● TASK INSTRUCTIONS
Given the material below, output exactly the lines from the line with "exists c : 'I_(size" to the line with "exists J, is_ideal", both ends included, and no other lines.

● PROVIDED RECORDS

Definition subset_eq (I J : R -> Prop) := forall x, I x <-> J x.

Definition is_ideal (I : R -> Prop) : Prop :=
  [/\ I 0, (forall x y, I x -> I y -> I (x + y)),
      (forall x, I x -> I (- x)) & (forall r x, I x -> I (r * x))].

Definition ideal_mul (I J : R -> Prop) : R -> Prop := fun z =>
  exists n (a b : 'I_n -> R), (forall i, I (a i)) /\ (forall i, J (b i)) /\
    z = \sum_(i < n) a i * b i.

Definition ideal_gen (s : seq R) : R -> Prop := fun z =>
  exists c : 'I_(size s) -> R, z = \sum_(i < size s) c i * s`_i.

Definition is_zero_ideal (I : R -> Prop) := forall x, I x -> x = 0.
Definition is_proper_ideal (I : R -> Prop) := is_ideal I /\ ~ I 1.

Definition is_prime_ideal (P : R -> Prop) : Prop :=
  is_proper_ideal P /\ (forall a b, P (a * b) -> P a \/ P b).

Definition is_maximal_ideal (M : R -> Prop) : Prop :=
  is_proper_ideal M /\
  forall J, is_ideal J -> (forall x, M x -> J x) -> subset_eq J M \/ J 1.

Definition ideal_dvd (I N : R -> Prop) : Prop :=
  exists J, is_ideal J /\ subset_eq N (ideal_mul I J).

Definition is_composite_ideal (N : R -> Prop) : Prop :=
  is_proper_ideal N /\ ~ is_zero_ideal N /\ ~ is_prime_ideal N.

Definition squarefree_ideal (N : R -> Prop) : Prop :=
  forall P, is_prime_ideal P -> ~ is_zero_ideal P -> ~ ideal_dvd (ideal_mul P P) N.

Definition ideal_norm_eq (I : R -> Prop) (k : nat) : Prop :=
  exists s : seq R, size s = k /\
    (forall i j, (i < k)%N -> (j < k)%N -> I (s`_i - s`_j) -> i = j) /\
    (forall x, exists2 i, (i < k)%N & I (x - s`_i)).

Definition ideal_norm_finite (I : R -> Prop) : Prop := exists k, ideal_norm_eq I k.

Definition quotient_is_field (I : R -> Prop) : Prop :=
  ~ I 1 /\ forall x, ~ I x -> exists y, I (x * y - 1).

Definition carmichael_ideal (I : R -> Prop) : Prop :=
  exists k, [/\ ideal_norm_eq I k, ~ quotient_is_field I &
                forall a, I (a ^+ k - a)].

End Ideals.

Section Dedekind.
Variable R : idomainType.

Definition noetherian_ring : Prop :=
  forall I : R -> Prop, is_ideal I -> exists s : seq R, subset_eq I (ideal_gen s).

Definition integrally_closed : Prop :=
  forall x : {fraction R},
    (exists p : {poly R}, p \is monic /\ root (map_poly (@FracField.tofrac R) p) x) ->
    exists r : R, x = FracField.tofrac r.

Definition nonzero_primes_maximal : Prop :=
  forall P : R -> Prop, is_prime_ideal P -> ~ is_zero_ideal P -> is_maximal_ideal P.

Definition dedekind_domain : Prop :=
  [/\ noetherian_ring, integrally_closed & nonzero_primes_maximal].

● TASK SOLUTION
  exists c : 'I_(size s) -> R, z = \sum_(i < size s) c i * s`_i.

Definition is_zero_ideal (I : R -> Prop) := forall x, I x -> x = 0.
Definition is_proper_ideal (I : R -> Prop) := is_ideal I /\ ~ I 1.

Definition is_prime_ideal (P : R -> Prop) : Prop :=
  is_proper_ideal P /\ (forall a b, P (a * b) -> P a \/ P b).

Definition is_maximal_ideal (M : R -> Prop) : Prop :=
  is_proper_ideal M /\
  forall J, is_ideal J -> (forall x, M x -> J x) -> subset_eq J M \/ J 1.

Definition ideal_dvd (I N : R -> Prop) : Prop :=
  exists J, is_ideal J /\ subset_eq N (ideal_mul I J).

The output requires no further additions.